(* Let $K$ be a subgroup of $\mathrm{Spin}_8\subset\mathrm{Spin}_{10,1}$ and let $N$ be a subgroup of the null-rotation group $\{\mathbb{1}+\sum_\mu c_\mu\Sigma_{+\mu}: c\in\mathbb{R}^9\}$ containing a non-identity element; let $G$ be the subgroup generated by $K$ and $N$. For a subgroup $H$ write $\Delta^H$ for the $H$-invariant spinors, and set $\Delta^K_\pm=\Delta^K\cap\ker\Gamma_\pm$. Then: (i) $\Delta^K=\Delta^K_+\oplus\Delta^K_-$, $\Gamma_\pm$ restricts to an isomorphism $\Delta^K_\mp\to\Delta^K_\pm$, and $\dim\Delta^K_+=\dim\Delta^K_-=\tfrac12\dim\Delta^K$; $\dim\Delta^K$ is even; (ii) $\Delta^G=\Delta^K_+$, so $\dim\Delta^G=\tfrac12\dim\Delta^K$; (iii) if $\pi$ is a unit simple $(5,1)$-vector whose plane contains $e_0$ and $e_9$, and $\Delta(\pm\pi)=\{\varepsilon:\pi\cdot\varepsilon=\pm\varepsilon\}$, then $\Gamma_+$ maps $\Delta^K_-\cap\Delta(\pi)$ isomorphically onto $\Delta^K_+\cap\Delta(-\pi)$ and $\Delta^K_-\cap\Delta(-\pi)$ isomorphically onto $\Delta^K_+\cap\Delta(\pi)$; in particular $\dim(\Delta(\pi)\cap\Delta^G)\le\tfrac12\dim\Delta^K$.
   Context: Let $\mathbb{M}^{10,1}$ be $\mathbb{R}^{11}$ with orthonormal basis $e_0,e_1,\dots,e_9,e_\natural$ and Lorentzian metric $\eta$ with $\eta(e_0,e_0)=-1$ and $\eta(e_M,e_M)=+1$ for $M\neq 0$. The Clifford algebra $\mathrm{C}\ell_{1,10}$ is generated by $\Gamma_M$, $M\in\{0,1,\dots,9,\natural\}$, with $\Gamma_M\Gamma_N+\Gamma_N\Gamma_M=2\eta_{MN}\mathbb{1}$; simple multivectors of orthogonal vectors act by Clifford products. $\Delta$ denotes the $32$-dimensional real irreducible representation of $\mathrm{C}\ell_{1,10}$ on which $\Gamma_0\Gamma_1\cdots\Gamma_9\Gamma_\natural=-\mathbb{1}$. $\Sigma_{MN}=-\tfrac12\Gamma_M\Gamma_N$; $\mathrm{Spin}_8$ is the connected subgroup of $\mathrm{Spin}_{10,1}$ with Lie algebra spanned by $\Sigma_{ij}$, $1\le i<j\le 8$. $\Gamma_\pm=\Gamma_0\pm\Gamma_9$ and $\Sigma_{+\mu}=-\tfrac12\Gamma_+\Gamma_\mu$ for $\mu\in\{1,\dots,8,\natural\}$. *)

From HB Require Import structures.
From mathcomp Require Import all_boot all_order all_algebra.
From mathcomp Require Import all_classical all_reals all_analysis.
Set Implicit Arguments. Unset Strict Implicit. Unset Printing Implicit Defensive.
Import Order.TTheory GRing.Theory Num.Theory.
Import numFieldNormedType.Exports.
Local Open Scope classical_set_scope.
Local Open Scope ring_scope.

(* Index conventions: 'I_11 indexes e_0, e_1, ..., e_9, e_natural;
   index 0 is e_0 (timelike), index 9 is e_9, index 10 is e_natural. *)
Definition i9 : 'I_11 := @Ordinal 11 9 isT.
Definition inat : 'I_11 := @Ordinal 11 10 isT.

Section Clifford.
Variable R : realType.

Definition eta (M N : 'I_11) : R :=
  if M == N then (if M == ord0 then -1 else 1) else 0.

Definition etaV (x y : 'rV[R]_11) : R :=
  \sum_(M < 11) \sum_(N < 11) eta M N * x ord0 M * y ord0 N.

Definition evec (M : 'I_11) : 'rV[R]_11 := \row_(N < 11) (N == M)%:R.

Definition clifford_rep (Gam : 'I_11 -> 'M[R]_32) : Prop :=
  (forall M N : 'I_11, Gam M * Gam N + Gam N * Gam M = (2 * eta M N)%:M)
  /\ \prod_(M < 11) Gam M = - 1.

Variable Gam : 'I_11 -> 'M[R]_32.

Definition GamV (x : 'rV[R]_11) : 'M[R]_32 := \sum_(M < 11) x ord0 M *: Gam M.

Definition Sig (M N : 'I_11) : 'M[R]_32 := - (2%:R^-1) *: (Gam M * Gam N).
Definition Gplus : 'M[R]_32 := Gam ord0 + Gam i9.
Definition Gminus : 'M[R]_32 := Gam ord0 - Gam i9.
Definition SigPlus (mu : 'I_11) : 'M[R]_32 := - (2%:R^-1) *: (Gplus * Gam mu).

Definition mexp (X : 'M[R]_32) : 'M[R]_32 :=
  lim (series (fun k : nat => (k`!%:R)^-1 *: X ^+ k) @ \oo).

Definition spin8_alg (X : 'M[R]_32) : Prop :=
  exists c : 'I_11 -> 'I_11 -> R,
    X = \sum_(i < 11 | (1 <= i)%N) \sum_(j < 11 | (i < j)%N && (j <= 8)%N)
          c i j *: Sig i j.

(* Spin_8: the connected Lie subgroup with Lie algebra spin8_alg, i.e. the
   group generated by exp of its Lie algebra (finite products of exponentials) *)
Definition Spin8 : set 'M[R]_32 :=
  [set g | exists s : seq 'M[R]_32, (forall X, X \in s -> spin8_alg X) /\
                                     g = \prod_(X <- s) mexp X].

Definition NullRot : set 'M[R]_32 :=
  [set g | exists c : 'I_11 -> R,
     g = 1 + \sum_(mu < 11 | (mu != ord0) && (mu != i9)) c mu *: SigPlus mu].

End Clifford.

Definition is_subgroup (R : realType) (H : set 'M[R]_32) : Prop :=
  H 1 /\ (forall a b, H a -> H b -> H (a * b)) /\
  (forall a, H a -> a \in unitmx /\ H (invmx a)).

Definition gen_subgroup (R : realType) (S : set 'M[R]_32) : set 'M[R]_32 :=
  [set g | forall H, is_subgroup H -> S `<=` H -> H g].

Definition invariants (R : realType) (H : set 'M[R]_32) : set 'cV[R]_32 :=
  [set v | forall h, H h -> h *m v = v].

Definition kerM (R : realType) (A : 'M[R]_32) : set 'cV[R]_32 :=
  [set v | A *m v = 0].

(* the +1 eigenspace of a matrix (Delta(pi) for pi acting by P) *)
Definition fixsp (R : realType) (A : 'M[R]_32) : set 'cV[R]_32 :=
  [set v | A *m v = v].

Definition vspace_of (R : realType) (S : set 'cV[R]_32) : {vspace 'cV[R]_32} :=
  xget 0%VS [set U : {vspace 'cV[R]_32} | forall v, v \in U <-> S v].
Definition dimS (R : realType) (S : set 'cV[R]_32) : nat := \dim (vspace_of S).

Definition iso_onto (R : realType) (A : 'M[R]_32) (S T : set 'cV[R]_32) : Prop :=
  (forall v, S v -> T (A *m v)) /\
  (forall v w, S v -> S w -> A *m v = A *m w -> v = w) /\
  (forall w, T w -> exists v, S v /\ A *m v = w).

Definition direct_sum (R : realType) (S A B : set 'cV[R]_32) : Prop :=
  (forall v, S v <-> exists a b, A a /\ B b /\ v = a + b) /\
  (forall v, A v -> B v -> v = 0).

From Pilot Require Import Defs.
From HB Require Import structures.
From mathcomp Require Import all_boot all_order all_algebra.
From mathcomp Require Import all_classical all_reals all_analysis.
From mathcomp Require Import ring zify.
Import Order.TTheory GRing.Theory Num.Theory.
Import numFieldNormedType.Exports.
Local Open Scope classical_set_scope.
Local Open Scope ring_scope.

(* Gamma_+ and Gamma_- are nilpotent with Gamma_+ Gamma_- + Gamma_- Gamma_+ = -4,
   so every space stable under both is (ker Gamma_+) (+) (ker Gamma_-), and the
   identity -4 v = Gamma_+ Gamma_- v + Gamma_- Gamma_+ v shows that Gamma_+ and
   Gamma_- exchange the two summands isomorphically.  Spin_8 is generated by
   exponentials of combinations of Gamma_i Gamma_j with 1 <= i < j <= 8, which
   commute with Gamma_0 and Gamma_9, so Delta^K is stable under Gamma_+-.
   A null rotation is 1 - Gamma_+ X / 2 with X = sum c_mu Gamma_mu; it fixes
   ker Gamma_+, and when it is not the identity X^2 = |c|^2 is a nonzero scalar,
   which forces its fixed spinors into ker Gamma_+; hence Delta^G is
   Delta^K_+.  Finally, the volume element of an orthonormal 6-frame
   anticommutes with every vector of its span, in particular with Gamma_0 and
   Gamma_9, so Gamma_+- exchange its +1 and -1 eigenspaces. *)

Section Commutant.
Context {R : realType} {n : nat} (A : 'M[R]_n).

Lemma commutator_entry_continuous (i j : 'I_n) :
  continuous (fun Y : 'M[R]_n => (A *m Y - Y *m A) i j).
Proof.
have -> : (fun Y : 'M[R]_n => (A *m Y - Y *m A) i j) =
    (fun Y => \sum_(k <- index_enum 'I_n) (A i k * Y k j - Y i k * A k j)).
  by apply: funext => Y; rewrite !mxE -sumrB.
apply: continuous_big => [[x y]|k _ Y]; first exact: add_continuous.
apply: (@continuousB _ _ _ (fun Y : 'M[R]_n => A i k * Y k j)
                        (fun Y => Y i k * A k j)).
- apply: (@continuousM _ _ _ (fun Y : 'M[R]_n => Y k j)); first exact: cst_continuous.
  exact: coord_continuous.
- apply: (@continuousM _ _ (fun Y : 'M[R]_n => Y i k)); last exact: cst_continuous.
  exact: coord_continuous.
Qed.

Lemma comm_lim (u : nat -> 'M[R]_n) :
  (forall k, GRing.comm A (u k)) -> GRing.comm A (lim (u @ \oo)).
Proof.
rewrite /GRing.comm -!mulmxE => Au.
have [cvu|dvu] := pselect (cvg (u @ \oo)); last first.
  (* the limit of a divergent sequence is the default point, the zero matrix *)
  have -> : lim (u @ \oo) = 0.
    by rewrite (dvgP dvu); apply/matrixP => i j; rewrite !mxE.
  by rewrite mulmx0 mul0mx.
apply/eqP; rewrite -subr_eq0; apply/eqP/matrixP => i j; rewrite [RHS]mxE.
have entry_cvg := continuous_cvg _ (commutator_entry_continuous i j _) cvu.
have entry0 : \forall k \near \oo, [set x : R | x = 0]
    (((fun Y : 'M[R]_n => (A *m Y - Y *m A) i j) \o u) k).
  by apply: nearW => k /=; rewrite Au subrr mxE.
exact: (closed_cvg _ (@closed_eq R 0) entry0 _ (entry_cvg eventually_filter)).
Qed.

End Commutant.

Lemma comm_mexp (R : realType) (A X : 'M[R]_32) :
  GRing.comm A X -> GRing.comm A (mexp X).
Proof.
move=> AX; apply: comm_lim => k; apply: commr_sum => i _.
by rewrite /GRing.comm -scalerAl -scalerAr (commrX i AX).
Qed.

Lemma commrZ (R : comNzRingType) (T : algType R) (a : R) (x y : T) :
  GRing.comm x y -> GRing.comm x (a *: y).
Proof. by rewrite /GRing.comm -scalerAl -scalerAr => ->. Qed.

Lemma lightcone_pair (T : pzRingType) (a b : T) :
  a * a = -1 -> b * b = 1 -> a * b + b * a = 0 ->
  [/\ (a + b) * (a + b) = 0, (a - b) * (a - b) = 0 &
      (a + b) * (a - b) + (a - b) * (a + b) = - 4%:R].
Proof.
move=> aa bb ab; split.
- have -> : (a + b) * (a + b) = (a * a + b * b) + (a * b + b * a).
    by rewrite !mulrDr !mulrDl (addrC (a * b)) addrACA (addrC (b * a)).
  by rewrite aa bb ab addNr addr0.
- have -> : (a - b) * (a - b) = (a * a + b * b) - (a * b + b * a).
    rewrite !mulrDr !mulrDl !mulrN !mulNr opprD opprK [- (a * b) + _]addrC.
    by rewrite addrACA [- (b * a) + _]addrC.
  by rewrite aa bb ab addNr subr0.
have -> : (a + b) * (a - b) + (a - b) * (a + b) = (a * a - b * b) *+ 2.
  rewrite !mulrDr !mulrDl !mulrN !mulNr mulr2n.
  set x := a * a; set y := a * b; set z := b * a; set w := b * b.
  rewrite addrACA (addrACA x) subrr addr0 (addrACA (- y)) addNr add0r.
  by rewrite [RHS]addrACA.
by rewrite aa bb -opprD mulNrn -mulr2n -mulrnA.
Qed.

*-*-*

Assignment>
Find the lines in the records above that hold the word "which", and give only how many there are.

Response to the exercise>
3